= TASK =
Please repeat exactly the lines below from the one containing "t) * Derive" down to the one containing "replace (alpha *", both included, and nothing else.

= GIVEN DATA =
(* Let $\alpha$ be a nonzero real number. Every closed $\alpha$-stationary curve in $\mathbb H^2$ (not passing through $N$) is a circle centered at $N$.
   Context: Let $\langle x,y\rangle_\epsilon=x_1y_1+x_2y_2-x_3y_3$ be the Lorentzian inner product on $\mathbb R^3$ and $|x|_\epsilon=\sqrt{|\langle x,x\rangle_\epsilon|}$. The hyperbolic plane is $\mathbb H^2=\{(x,y,z):x^2+y^2-z^2=-1,\ z>0\}$ with the induced metric. It is parametrized by $\Psi(u,v)=(\sinh u\cos v,\sinh u\sin v,\cosh u)$, and $N=(0,0,1)$. The hyperbolic distance from $\Psi(u,v)$ to $N$ is $u$. For a regular curve $\gamma(t)=\Psi(u(t),v(t))$ with $u>0$, the energy is $$E_\alpha[\gamma]=\int_\gamma\mathsf d^\alpha\,ds=\int u^\alpha\sqrt{u'^2+\sinh^2(u)v'^2}\,dt,$$ where $\mathsf d$ is the hyperbolic distance to $N$. The curve is $\alpha$-stationary if it is a critical point of $E_\alpha$ (i.e. $(u,v)$ satisfies the Euler–Lagrange equations). Equivalently, its geodesic curvature satisfies $\kappa=\alpha\langle\mathbf n,\xi\rangle_\epsilon/\mathsf d$. Here $\mathbf n$ is the unit normal and $\xi=\Psi_u$ is the unit tangent of the geodesic ray from $N$ through the point. Throughout the paper, $\alpha\ne0$ and curves avoid $N$. *)

From Stdlib Require Import Reals.
From Coquelicot Require Import Coquelicot.
Open Scope R_scope.

(* Parametrization of the hyperboloid model of H^2:
   Psi(u,v) = (sinh u cos v, sinh u sin v, cosh u). *)
Definition Psi (u v : R) : R * R * R :=
  (sinh u * cos v, sinh u * sin v, cosh u).

(* The hyperbolic distance from Psi(u,v) to N = (0,0,1) is u (for u >= 0). *)

Definition smooth (f : R -> R) : Prop := forall n t, ex_derive_n f n t.

Definition speed (u v : R -> R) (t : R) : R :=
  sqrt ((Derive u t) ^ 2 + (sinh (u t)) ^ 2 * (Derive v t) ^ 2).

(* Regular curve avoiding N: u > 0 and the velocity never vanishes. *)
Definition regular_curve (u v : R -> R) : Prop :=
  smooth u /\ smooth v /\
  (forall t, 0 < u t) /\
  (forall t, 0 < (Derive u t) ^ 2 + (sinh (u t)) ^ 2 * (Derive v t) ^ 2).

Definition closed_curve (u v : R -> R) : Prop :=
  exists T, 0 < T /\ forall t, Psi (u (t + T)) (v (t + T)) = Psi (u t) (v t).

(* alpha-stationary: Euler-Lagrange equations of
   L(u,v,u',v') = u^alpha * sqrt(u'^2 + sinh^2(u) v'^2). *)
Definition alpha_stationary (alpha : R) (u v : R -> R) : Prop :=
  (forall t,
     is_derive (fun s => Rpower (u s) alpha * Derive u s / speed u v s) t
       (alpha * Rpower (u t) (alpha - 1) * speed u v t
        + Rpower (u t) alpha * sinh (u t) * cosh (u t) * (Derive v t) ^ 2
          / speed u v t)) /\
  (forall t,
     is_derive
       (fun s => Rpower (u s) alpha * (sinh (u s)) ^ 2 * Derive v s / speed u v s)
       t 0).

(** Closedness forces [cosh u], hence the distance [u] to N, to be periodic, so
    [u] attains a maximum and a minimum.  At a critical point of [u] the first
    Euler–Lagrange equation reads [d/dt (u^α u'/W) = p (α sinh u + u cosh u)]
    with [p > 0]; were the right-hand side positive at the maximum, [u'] would
    become positive just after it.  Hence [α + u coth u <= 0] at the maximum of
    [u] and, symmetrically, [α + u coth u >= 0] at its minimum.  Since [x coth x]
    is strictly increasing on [(0, ∞)], the two extreme values coincide. *)

From Stdlib Require Import Reals ZArith Lra Lia Zfloor.
From Coquelicot Require Import Coquelicot.
Open Scope R_scope.

Lemma derivable_pt_of_is_derive f x l : is_derive f x l -> derivable_pt f x.
Proof. intros Hd. exists l. now apply is_derive_Reals. Qed.

Lemma strict_increasing_of_is_derive (f df : R -> R) a b :
  a < b ->
  (forall x, a <= x <= b -> is_derive f x (df x)) ->
  (forall x, a < x < b -> 0 < df x) ->
  f a < f b.
Proof.
  intros Hab Hd Hpos.
  destruct (MVT_cor2 f df a b Hab) as [c [Hmvt Hc]].
  - intros c Hc. now apply is_derive_Reals, Hd.
  - pose proof (Hpos c Hc). nra.
Qed.

Lemma is_derive_global_max f t l : is_derive f t l -> (forall s, f s <= f t) -> l = 0.
Proof.
  intros Hd Hmax. apply is_derive_Reals in Hd.
  exact (deriv_maximum f (t - 1) (t + 1) t (exist _ l Hd)
           ltac:(lra) ltac:(lra) (fun x _ _ => Hmax x)).
Qed.

Lemma is_derive_global_min f t l : is_derive f t l -> (forall s, f t <= f s) -> l = 0.
Proof.
  intros Hd Hmin. apply is_derive_Reals in Hd.
  exact (deriv_minimum f (t - 1) (t + 1) t (exist _ l Hd)
           ltac:(lra) ltac:(lra) (fun x _ _ => Hmin x)).
Qed.

Lemma is_derive_pos_gt_right g t L :
  is_derive g t L -> 0 < L ->
  exists d, 0 < d /\ forall s, t < s < t + d -> g t < g s.
Proof.
  intros Hd HL. apply is_derive_Reals in Hd.
  destruct (Hd L HL) as [d Hdelta].
  exists d. split; [apply cond_pos |]. intros s Hs.
  assert (Hh : 0 < s - t) by lra.
  specialize (Hdelta (s - t) ltac:(lra) ltac:(rewrite Rabs_pos_eq; lra)).
  replace (t + (s - t)) with s in Hdelta by ring.
  apply Rabs_def2 in Hdelta.
  assert (Hq : 0 < (g s - g t) / (s - t)) by lra.
  apply (Rmult_lt_compat_r (s - t)) in Hq; [| exact Hh].
  field_simplify in Hq; lra.
Qed.

Lemma exists_gt_of_weighted_derive_pos (f df c : R -> R) t L :
  (forall s, is_derive f s (df s)) -> (forall s, 0 < c s) -> df t = 0 ->
  is_derive (fun s => c s * df s) t L -> 0 < L ->
  exists s, f t < f s.
Proof.
  intros Hf Hc Ht HL Lpos.
  destruct (is_derive_pos_gt_right _ _ _ HL Lpos) as [d [Hd Hgt]].
  exists (t + d / 2). apply (strict_increasing_of_is_derive f df); [lra | auto |].
  intros s Hs. specialize (Hgt s ltac:(lra)). rewrite Ht, Rmult_0_r in Hgt.
  pose proof (Hc s). nra.
Qed.

Lemma exists_lt_of_weighted_derive_neg (f df c : R -> R) t L :
  (forall s, is_derive f s (df s)) -> (forall s, 0 < c s) -> df t = 0 ->
  is_derive (fun s => c s * df s) t L -> L < 0 ->
  exists s, f s < f t.
Proof.
  intros Hf Hc Ht HL Lneg.
  destruct (exists_gt_of_weighted_derive_pos (fun s => - f s) (fun s => - df s) c t (- L))
    as [s Hs]; [| exact Hc | lra | | lra |].
  - intro s. exact (is_derive_opp _ _ _ (Hf s)).
  - apply (is_derive_ext (fun s => - (c s * df s))); [intro s; apply Ropp_mult_distr_r |].
    exact (is_derive_opp _ _ _ HL).
  - exists s. lra.
Qed.

Lemma periodic_Z (f : R -> R) T : (forall t, f (t + T) = f t) ->
  forall k t, f (t + IZR k * T) = f t.
Proof.
  intros Hper.
  assert (Hnat : forall n t, f (t + INR n * T) = f t).
  { induction n as [| n IH]; intro t.
    - simpl. now rewrite Rmult_0_l, Rplus_0_r.
    - rewrite S_INR. replace (t + (INR n + 1) * T) with (t + INR n * T + T) by ring.
      rewrite Hper. apply IH. }
  intros k t. destruct (Z.le_gt_cases 0 k) as [Hk | Hk].
  - rewrite <- (Z2Nat.id k Hk), <- INR_IZR_INZ. apply Hnat.
  - replace k with (- Z.of_nat (Z.to_nat (- k)))%Z by lia.
    rewrite opp_IZR, <- INR_IZR_INZ.
    rewrite <- (Hnat (Z.to_nat (- k)) (t + - INR (Z.to_nat (- k)) * T)).
    f_equal. ring.
Qed.

Lemma periodic_continuous_attains_max (f : R -> R) T :
  0 < T -> (forall t, f (t + T) = f t) -> (forall t, continuity_pt f t) ->
  exists t1, forall t, f t <= f t1.
Proof.
  intros HT Hper Hc.
  destruct (continuity_ab_maj f 0 T) as [t1 [Hmax _]]; [lra | auto |].
  exists t1. intro t.
  set (k := Zfloor (t / T)).
  assert (Hk : IZR k * T <= t < IZR k * T + T).
  { destruct (Zfloor_bound (t / T)) as [Hl Hr]. fold k in Hl, Hr.
    apply (Rmult_le_compat_r T) in Hl; [| lra].
    apply (Rmult_lt_compat_r T) in Hr; [| lra].
    replace (t / T * T) with t in * by (field; lra). lra. }
  replace (f t) with (f (t - IZR k * T)); [apply Hmax; lra |].
  rewrite <- (periodic_Z f T Hper k). f_equal. ring.
Qed.

Lemma periodic_continuous_attains_min (f : R -> R) T :
  0 < T -> (forall t, f (t + T) = f t) -> (forall t, continuity_pt f t) ->
  exists t0, forall t, f t0 <= f t.
Proof.
  intros HT Hper Hc.
  destruct (periodic_continuous_attains_max (fun t => - f t) T HT) as [t0 Ht0].
  - intro t. now rewrite Hper.
  - intro t. now apply (continuity_pt_opp f).
  - exists t0. intro t. specialize (Ht0 t). lra.
Qed.

Lemma Rpower_pos x a : 0 < Rpower x a.
Proof. apply exp_pos. Qed.

Lemma Rpower_pred x a : 0 < x -> Rpower x a = x * Rpower x (a - 1).
Proof.
  intros Hx. rewrite <- (Rpower_1 x Hx) at 2.
  rewrite <- Rpower_plus. f_equal. ring.
Qed.

Lemma is_derive_sinh x : is_derive sinh x (cosh x).
Proof. apply is_derive_Reals, derivable_pt_lim_sinh. Qed.

Lemma is_derive_cosh x : is_derive cosh x (sinh x).
Proof. apply is_derive_Reals, derivable_pt_lim_cosh. Qed.

Lemma cosh_sqr_sub_sinh_sqr x : cosh x * cosh x - sinh x * sinh x = 1.
Proof. unfold cosh, sinh. rewrite exp_Ropp. field. apply Rgt_not_eq, exp_pos. Qed.

Lemma sinh_pos x : 0 < x -> 0 < sinh x.
Proof. intros Hx. rewrite <- sinh_0. now apply sinh_lt. Qed.

Lemma cosh_lt x y : 0 <= x -> x < y -> cosh x < cosh y.
Proof.
  intros Hx Hxy. apply (strict_increasing_of_is_derive cosh sinh x y Hxy).
  - intros z _. apply is_derive_cosh.
  - intros z Hz. apply sinh_pos. lra.
Qed.

Lemma cosh_inj x y : 0 < x -> 0 < y -> cosh x = cosh y -> x = y.
Proof.
  intros Hx Hy E. destruct (Rtotal_order x y) as [H | [H | H]]; auto.
  - pose proof (cosh_lt x y ltac:(lra) H). lra.
  - pose proof (cosh_lt y x ltac:(lra) H). lra.
Qed.

Lemma lt_sinh_mul_cosh x : 0 < x -> x < sinh x * cosh x.
Proof.
  intros Hx.
  enough (sinh 0 * cosh 0 - 0 < sinh x * cosh x - x) by (rewrite sinh_0 in *; lra).
  apply (strict_increasing_of_is_derive (fun z => sinh z * cosh z - z)
           (fun z => cosh z * cosh z + sinh z * sinh z - 1) 0 x Hx).
  - intros z _.
    apply (is_derive_minus (fun z => sinh z * cosh z) (fun z => z));
      [| apply (is_derive_id (K := R_AbsRing))].
    apply (is_derive_mult sinh cosh);
      [apply is_derive_sinh | apply is_derive_cosh | apply Rmult_comm].
  - intros z Hz. pose proof (cosh_sqr_sub_sinh_sqr z). pose proof (sinh_pos z ltac:(lra)). nra.
Qed.

Lemma x_cosh_div_sinh_lt x y : 0 < x -> x < y -> x * cosh x / sinh x < y * cosh y / sinh y.
Proof.
  intros Hx Hxy.
  apply (strict_increasing_of_is_derive (fun z => z * cosh z / sinh z)
           (fun z => ((1 * cosh z + z * sinh z) * sinh z - z * cosh z * cosh z) / sinh z ^ 2)
           x y Hxy).
  - intros z Hz. pose proof (sinh_pos z ltac:(lra)).
    apply (is_derive_div (fun z => z * cosh z) sinh); [| apply is_derive_sinh | lra].
    apply (is_derive_mult (fun z => z) cosh);
      [apply (is_derive_id (K := R_AbsRing)) | apply is_derive_cosh | apply Rmult_comm].
  - intros z Hz. pose proof (sinh_pos z ltac:(lra)).
    replace ((1 * cosh z + z * sinh z) * sinh z - z * cosh z * cosh z)
      with (sinh z * cosh z - z * (cosh z * cosh z - sinh z * sinh z)) by ring.
    rewrite cosh_sqr_sub_sinh_sqr, Rmult_1_r.
    apply Rdiv_lt_0_compat; [pose proof (lt_sinh_mul_cosh z ltac:(lra)); lra | nra].
Qed.

(** [radial_factor alpha x = (alpha + x coth x) sinh x]. *)
Definition radial_factor (alpha x : R) : R := alpha * sinh x + x * cosh x.

Lemma radial_factor_sign_change alpha m M :
  0 < m -> m <= M -> radial_factor alpha M <= 0 -> 0 <= radial_factor alpha m -> m = M.
Proof.
  intros Hm HmM HM0 H0m. destruct (Req_dec m M) as [| Hne]; [assumption | exfalso].
  pose proof (x_cosh_div_sinh_lt m M Hm ltac:(lra)) as Hlt.
  pose proof (sinh_pos m Hm). pose proof (sinh_pos M ltac:(lra)).
  assert (Hdiv : forall x, 0 < sinh x ->
            radial_factor alpha x / sinh x = alpha + x * cosh x / sinh x)
    by (intros x Hx; unfold radial_factor; field; lra).
  assert (radial_factor alpha M / sinh M <= 0).
  { unfold Rdiv. pose proof (Rinv_0_lt_compat (sinh M) ltac:(lra)). nra. }
  assert (0 <= radial_factor alpha m / sinh m) by (apply Rdiv_le_0_compat; lra).
  rewrite Hdiv in *; lra.
Qed.

Lemma closed_curve_periodic_u u v :
  (forall t, 0 < u t) -> closed_curve u v -> exists T, 0 < T /\ forall t, u (t + T) = u t.
Proof.
  intros Hpos [T [HT Hper]]. exists T. split; [exact HT |]. intro t.
  apply cosh_inj; [apply Hpos | apply Hpos |].
  exact (f_equal snd (Hper t)).
Qed.

Section StationaryCurve.

Variables (alpha : R) (u v : R -> R).
Hypothesis regular : regular_curve u v.
Hypothesis stationary : alpha_stationary alpha u v.

Lemma u_pos t : 0 < u t.
Proof. apply regular. Qed.

Lemma speed_pos t : 0 < speed u v t.
Proof. apply sqrt_lt_R0, regular. Qed.

Lemma is_derive_u t : is_derive u t (Derive u t).
Proof. apply Derive_correct. exact (proj1 regular 1%nat t). Qed.

Lemma continuity_pt_u t : continuity_pt u t.
Proof.
  exact (derivable_continuous_pt _ _ (derivable_pt_of_is_derive _ _ _ (is_derive_u t))).
Qed.

Let weight s := Rpower (u s) alpha / speed u v s.

Lemma weight_pos s : 0 < weight s.
Proof. apply Rdiv_lt_0_compat; [apply Rpower_pos | apply speed_pos]. Qed.

Lemma el_derive_at_critical t : Derive u t = 0 ->
  exists p, 0 < p /\
    is_derive (fun s => weight s * Derive u s) t (p * radial_factor alpha (u t)).
Proof.
  intros Hcrit. pose proof (speed_pos t) as HW. pose proof (sinh_pos _ (u_pos t)).
  assert (HW2 : speed u v t ^ 2 = sinh (u t) ^ 2 * Derive v t ^ 2).
  { unfold speed. rewrite pow2_sqrt; [rewrite Hcrit; ring |].
    pose proof (proj2 (proj2 (proj2 regular)) t). lra. }
  assert (Hv : 0 < Derive v t ^ 2).
  { pose proof (pow2_ge_0 (Derive v t)). pose proof (pow_lt _ 2 HW). nra. }
  set (p := Rpower (u t) (alpha - 1) * Derive v t ^ 2 * sinh (u t) / speed u v t).
  assert (Hrhs : alpha * Rpower (u t) (alpha - 1) * speed u v t
                 + Rpower (u t) alpha * sinh (u t) * cosh (u t) * Derive v t ^ 2 / speed u v t
                 = p * radial_factor alpha (u t)).
  { rewrite (Rpower_pred (u t) alpha (u_pos t)).
    replace (alpha * Rpower (u t) (alpha - 1) * speed u v t) with
      (alpha * Rpower (u t) (alpha - 1) * speed u v t ^ 2 / speed u v t) by (field; lra).
    rewrite HW2. unfold p, radial_factor. field. lra. }
  exists p. split.
  - apply Rdiv_lt_0_compat; [| exact HW].
    pose proof (Rpower_pos (u t) (alpha - 1)). apply Rmult_lt_0_compat; [nra | assumption].
  - rewrite <- Hrhs.
    apply (is_derive_ext (fun s => Rpower (u s) alpha * Derive u s / speed u v s));
      [| apply stationary].
    intro s. change (Rpower (u s) alpha * Derive u s / speed u v s = weight s * Derive u s).
    unfold weight, Rdiv. ring.
Qed.

Lemma radial_factor_at_max t : (forall s, u s <= u t) -> radial_factor alpha (u t) <= 0.
Proof.
  intros Hmax.
  pose proof (is_derive_global_max u t _ (is_derive_u t) Hmax) as Hcrit.
  destruct (el_derive_at_critical t Hcrit) as [p [Hp HL]].
  apply Rnot_lt_le. intro Hpos.
  destruct (exists_gt_of_weighted_derive_pos u (Derive u) weight t _
              is_derive_u weight_pos Hcrit HL) as [s Hs]; [nra |].
  specialize (Hmax s). lra.
Qed.

Lemma radial_factor_at_min t : (forall s, u t <= u s) -> 0 <= radial_factor alpha (u t).
Proof.
  intros Hmin.
  pose proof (is_derive_global_min u t _ (is_derive_u t) Hmin) as Hcrit.
  destruct (el_derive_at_critical t Hcrit) as [p [Hp HL]].
  apply Rnot_lt_le. intro Hneg.
  destruct (exists_lt_of_weighted_derive_neg u (Derive u) weight t _
              is_derive_u weight_pos Hcrit HL) as [s Hs]; [nra |].
  specialize (Hmin s). lra.
Qed.

End StationaryCurve.

Theorem theorem2p7 (alpha : R) (u v : R -> R) :
  alpha <> 0 ->
  regular_curve u v ->
  closed_curve u v ->
  alpha_stationary alpha u v ->
  exists r, 0 < r /\ forall t, u t = r.
Proof.
  intros _ Hreg Hclosed Hstat.
  destruct (closed_curve_periodic_u u v (u_pos u v Hreg) Hclosed) as [T [HT Hper]].
  destruct (periodic_continuous_attains_max u T HT Hper (continuity_pt_u u v Hreg))
    as [t1 Hmax].
  destruct (periodic_continuous_attains_min u T HT Hper (continuity_pt_u u v Hreg))
    as [t0 Hmin].
  assert (Heq : u t0 = u t1).
  { apply (radial_factor_sign_change alpha).
    - apply (u_pos u v Hreg).
    - apply Hmin.
    - exact (radial_factor_at_max alpha u v Hreg Hstat t1 Hmax).
    - exact (radial_factor_at_min alpha u v Hreg Hstat t0 Hmin). }
  exists (u t1). split; [apply (u_pos u v Hreg) |].
  intro t. specialize (Hmin t). specialize (Hmax t). lra.
Qed.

= ANSWER BOX =
                 + Rpower (u t) alpha * sinh (u t) * cosh (u t) * Derive v t ^ 2 / speed u v t
                 = p * radial_factor alpha (u t)).
  { rewrite (Rpower_pred (u t) alpha (u_pos t)).
    replace (alpha * Rpower (u t) (alpha - 1) * speed u v t) with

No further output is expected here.